[Opening Data under study section]

(* Let $\mathcal{S}$ be a compact surface without boundary and let $(\mathfrak{u},\mathfrak{l})$ be a labeled unicellular mobile on $\mathcal{S}$. Then: (i) If $A$ and $B$ are two distinct nontrivial arcs of $(\mathfrak{u},\mathfrak{l})$ whose intersection contains internal corners of $A$ or of $B$, then $A\subseteq B$ or $B\subseteq A$, and the level of the larger arc is strictly lower than the level of the smaller arc. (ii) The following three properties are equivalent: (a) for all $i\ge 1$, every nontrivial arc at level $i$ contains a corner with label $i+1$; (b) for all $i\ge 1$, every nontrivial arc at level $i$ has a set of internal corner labels of the form $\{i+1,i+2,\dots,m\}$ for some integer $m$; (c) for all $i\ge 2$ and for every corner with label $i$, either the first subsequent corner with label strictly smaller than $i$ has label $i-1$, or the last preceding corner with label strictly smaller than $i$ has label $i-1$. (iii) If the equivalent properties of (ii) hold, then for all $i\ge 2$, every arc at level $i$ is included in a unique arc at level $i-1$, and this arc is nontrivial; similarly, every corner labeled $i\ge 2$ is included in a unique arc at level $i-1$, and this arc is nontrivial.
   Context: A map is a cellular embedding of a finite graph (loops and multiple edges allowed) into $\mathcal{S}$, considered up to homeomorphism; it is rooted when given a distinguished oriented corner (a corner is an angular sector between two consecutive half-edges around a vertex in the same face). A labeled unicellular mobile is a pair $(\mathfrak{u},\mathfrak{l})$ where $\mathfrak{u}$ is a rooted map of $\mathcal{S}$ with exactly one face, whose vertex set is partitioned as $V_\bullet(\mathfrak{u})\sqcup V_\circ(\mathfrak{u})$ so that every edge links a vertex of $V_\bullet(\mathfrak{u})$ to a vertex of $V_\circ(\mathfrak{u})$, the root vertex lies in $V_\circ(\mathfrak{u})$, and $\mathfrak{l}:V_\circ(\mathfrak{u})\to\{1,2,3,\dots\}$ is a function with minimum $1$. Since the face is a disk and the root orients it, the corners of $\mathfrak{u}$ are cyclically ordered along the contour of the face; only corners incident to vertices of $V_\circ(\mathfrak{u})$ are considered, in this cyclic order, and the label of a corner is the label of its vertex (''subsequent''/''preceding'' refer to this cyclic order). An arc is a contiguous interval of two or more consecutive such corners whose first and last corners (its extremities) have labels strictly smaller than the labels of all other corners of the interval (its internal corners). An arc whose extremities have labels $i$ and $j$ is an $\{i,j\}$-arc and its level is $\max(i,j)$. An arc is trivial if it has exactly two corners. *)

From mathcomp Require Import all_boot.
Set Implicit Arguments. Unset Strict Implicit. Unset Printing Implicit Defensive.
Lemma doubly_stochastic1 : doubly_stochastic 1%:M.
Proof.
split=> [i j|i|j]; rewrite ?mxE ?ler0n //.
  by under eq_bigr do rewrite mxE; rewrite sum_eq.
by under eq_bigr do rewrite mxE eq_sym; rewrite sum_eq.
Qed.

Lemma doubly_stochasticM M N :
  doubly_stochastic M -> doubly_stochastic N -> doubly_stochastic (M *m N).
Proof.
move=> [M0 Mr Mc] [N0 Nr Nc]; split=> [i j|i|j].
- by rewrite mxE; apply: sumr_ge0 => k _; apply: mulr_ge0.
- under eq_bigr do rewrite mxE; rewrite exchange_big /=.
  by under eq_bigr do rewrite -mulr_sumr Nr mulr1; apply: Mr.
- under eq_bigr do rewrite mxE; rewrite exchange_big /=.
  by under eq_bigr do rewrite -mulr_suml Mc mul1r; apply: Nc.
Qed.

Lemma doubly_stochastic_match p :
  involutive p -> doubly_stochastic (match_mx R p).
Proof.
move=> pK; split=> [i j|i|j].
- by rewrite match_mxE divr_ge0 ?addr_ge0 ?ler0n.
- under eq_bigr do rewrite match_mxE mulrDl.
  by rewrite big_split /= -!mulr_suml !sum_eq -mulrDl half_twice.
- have swap i : (p i == j) = (p j == i) by apply/eqP/eqP => <-; rewrite pK.
  under eq_bigr do rewrite match_mxE mulrDl eq_sym swap.
  by rewrite big_split /= -!mulr_suml !sum_eq -mulrDl half_twice.
Qed.

Lemma doubly_stochastic_match_prod (Ms : nat -> 'I_n -> 'I_n) a b :
  (forall t, (0 < t)%N -> involutive (Ms t)) -> (0 < a)%N ->
  doubly_stochastic (match_prod R Ms a b).
Proof.
move=> MsK a_gt0; rewrite /match_prod big_nat_cond.
apply: (big_ind doubly_stochastic doubly_stochastic1 (@doubly_stochasticM)).
move=> i /andP[/andP[ai _] _]; apply/doubly_stochastic_match/MsK.
exact: leq_trans ai.
Qed.

Lemma match_prod_split (Ms : nat -> 'I_n -> 'I_n) a t1 t2 :
  (a <= t1.+1)%N -> (t1 <= t2)%N ->
  match_prod R Ms a t2 = match_prod R Ms a t1 *m match_prod R Ms t1.+1 t2.
Proof.
move=> + t12; rewrite /match_prod; move Hd : (t1.+1 - a)%N => d.
elim: d a Hd => [|d IH] a Hd at1.
  have -> : a = t1.+1 by lia.
  by rewrite [X in X *m _]big_geq // mul1mx.
rewrite big_ltn; last by lia.
rewrite [X in _ = X *m _]big_ltn; last by lia.
by rewrite (IH a.+1) ?mulmxA //; lia.
Qed.

Lemma match_prodS (Ms : nat -> 'I_n -> 'I_n) t t2 : (t <= t2)%N ->
  match_prod R Ms t t2 = match_mx R (Ms t) *m match_prod R Ms t.+1 t2.
Proof. by move=> tt2; rewrite /match_prod big_ltn. Qed.

End MatchingMatrices.

Section OneRound.
Variables (R : realFieldType) (n : nat) (p : 'I_n -> 'I_n).
Hypothesis pK : involutive p.

Lemma sum_pairs (g : 'I_n -> R) :
  (forall w, g (p w) = g w) -> (forall w, p w = w -> g w = 0) ->
  \sum_w g w = 2 * \sum_(w | (val w < val (p w))%N) g w.
Proof.
move=> gp g0.
have -> : \sum_w g w = \sum_(w | (val w < val (p w))%N) g w
                     + \sum_(w | (val (p w) < val w)%N) g w.
  rewrite !(big_mkcond (fun w => _ < _)%N) -big_split /=; apply: eq_bigr => w _.
  case: ltngtP => [||/val_inj/esym pw]; rewrite ?addr0 ?add0r //.
  by rewrite g0 ?addr0.
rewrite [X in _ + X](reindex_inj (can_inj pK)) /=.
under [X in _ + X]eq_bigl do rewrite pK.
under [X in _ + X]eq_bigr do rewrite gp.
by rewrite mulr2n mulrDl mul1r.
Qed.

Definition sqdev (c : 'I_n -> R) := \sum_w (c w - n%:R^-1) ^+ 2.

Lemma sqdev_ge0 c : 0 <= sqdev c.
Proof. by apply: sumr_ge0 => w _; apply: sqr_ge0. Qed.

Lemma sqdev_average (c : 'I_n -> R) :
  sqdev c - sqdev (fun w => (c w + c (p w)) / 2)
  = \sum_(w | (val w < val (p w))%N) (c w - c (p w)) ^+ 2 / 2.
Proof.
pose F w := (c w - n%:R^-1) ^+ 2 - ((c w + c (p w)) / 2 - n%:R^-1) ^+ 2.
have FpF w : F w + F (p w) = (c w - c (p w)) ^+ 2 / 2 by rewrite /F pK; lra.
transitivity (\sum_w F w); first by rewrite /sqdev -sumrB.
have -> : \sum_w F w = 2^-1 * \sum_w (F w + F (p w)).
  have SFp : \sum_w F (p w) = \sum_w F w by rewrite [RHS](reindex_inj (can_inj pK)).
  by rewrite [in RHS]big_split /= SFp; lra.
under eq_bigr do rewrite FpF.
rewrite (sum_pairs (g := fun w => (c w - c (p w)) ^+ 2 / 2)).
- by rewrite mulrA mulVf ?mul1r // pnatr_eq0.
- by move=> w; rewrite pK; lra.
- by move=> w ->; rewrite subrr expr0n mul0r.
Qed.

Variables (b : 'I_n -> bool) (x : 'I_n -> int).

Definition rounding_error u : R :=
  (disc_step p b x u)%:~R - ((x u)%:~R + (x (p u))%:~R) / 2.

Let halves (s : int) : (s%:~R : R) = ((s %/ 2)%Z)%:~R * 2 + ((s %% 2)%Z)%:~R.
Proof. by rewrite {1}(divz_eq s 2) intrD intrM. Qed.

[Closing Data under study section]

-- What you will do --
Looking at the entries above, can you reproduce exactly the lines from the one that holds "elim: d a Hd => [|d IH] a Hd at1." through the one that holds "- by rewrite mulrA mulVf ?mul1r // pnatr_eq0.", and only those?

-- Response area --
elim: d a Hd => [|d IH] a Hd at1.
  have -> : a = t1.+1 by lia.
  by rewrite [X in X *m _]big_geq // mul1mx.
rewrite big_ltn; last by lia.
rewrite [X in _ = X *m _]big_ltn; last by lia.
by rewrite (IH a.+1) ?mulmxA //; lia.
Qed.

Lemma match_prodS (Ms : nat -> 'I_n -> 'I_n) t t2 : (t <= t2)%N ->
  match_prod R Ms t t2 = match_mx R (Ms t) *m match_prod R Ms t.+1 t2.
Proof. by move=> tt2; rewrite /match_prod big_ltn. Qed.

End MatchingMatrices.

Section OneRound.
Variables (R : realFieldType) (n : nat) (p : 'I_n -> 'I_n).
Hypothesis pK : involutive p.

Lemma sum_pairs (g : 'I_n -> R) :
  (forall w, g (p w) = g w) -> (forall w, p w = w -> g w = 0) ->
  \sum_w g w = 2 * \sum_(w | (val w < val (p w))%N) g w.
Proof.
move=> gp g0.
have -> : \sum_w g w = \sum_(w | (val w < val (p w))%N) g w
                     + \sum_(w | (val (p w) < val w)%N) g w.
  rewrite !(big_mkcond (fun w => _ < _)%N) -big_split /=; apply: eq_bigr => w _.
  case: ltngtP => [||/val_inj/esym pw]; rewrite ?addr0 ?add0r //.
  by rewrite g0 ?addr0.
rewrite [X in _ + X](reindex_inj (can_inj pK)) /=.
under [X in _ + X]eq_bigl do rewrite pK.
under [X in _ + X]eq_bigr do rewrite gp.
by rewrite mulr2n mulrDl mul1r.
Qed.

Definition sqdev (c : 'I_n -> R) := \sum_w (c w - n%:R^-1) ^+ 2.

Lemma sqdev_ge0 c : 0 <= sqdev c.
Proof. by apply: sumr_ge0 => w _; apply: sqr_ge0. Qed.

Lemma sqdev_average (c : 'I_n -> R) :
  sqdev c - sqdev (fun w => (c w + c (p w)) / 2)
  = \sum_(w | (val w < val (p w))%N) (c w - c (p w)) ^+ 2 / 2.
Proof.
pose F w := (c w - n%:R^-1) ^+ 2 - ((c w + c (p w)) / 2 - n%:R^-1) ^+ 2.
have FpF w : F w + F (p w) = (c w - c (p w)) ^+ 2 / 2 by rewrite /F pK; lra.
transitivity (\sum_w F w); first by rewrite /sqdev -sumrB.
have -> : \sum_w F w = 2^-1 * \sum_w (F w + F (p w)).
  have SFp : \sum_w F (p w) = \sum_w F w by rewrite [RHS](reindex_inj (can_inj pK)).
  by rewrite [in RHS]big_split /= SFp; lra.
under eq_bigr do rewrite FpF.
rewrite (sum_pairs (g := fun w => (c w - c (p w)) ^+ 2 / 2)).
- by rewrite mulrA mulVf ?mul1r // pnatr_eq0.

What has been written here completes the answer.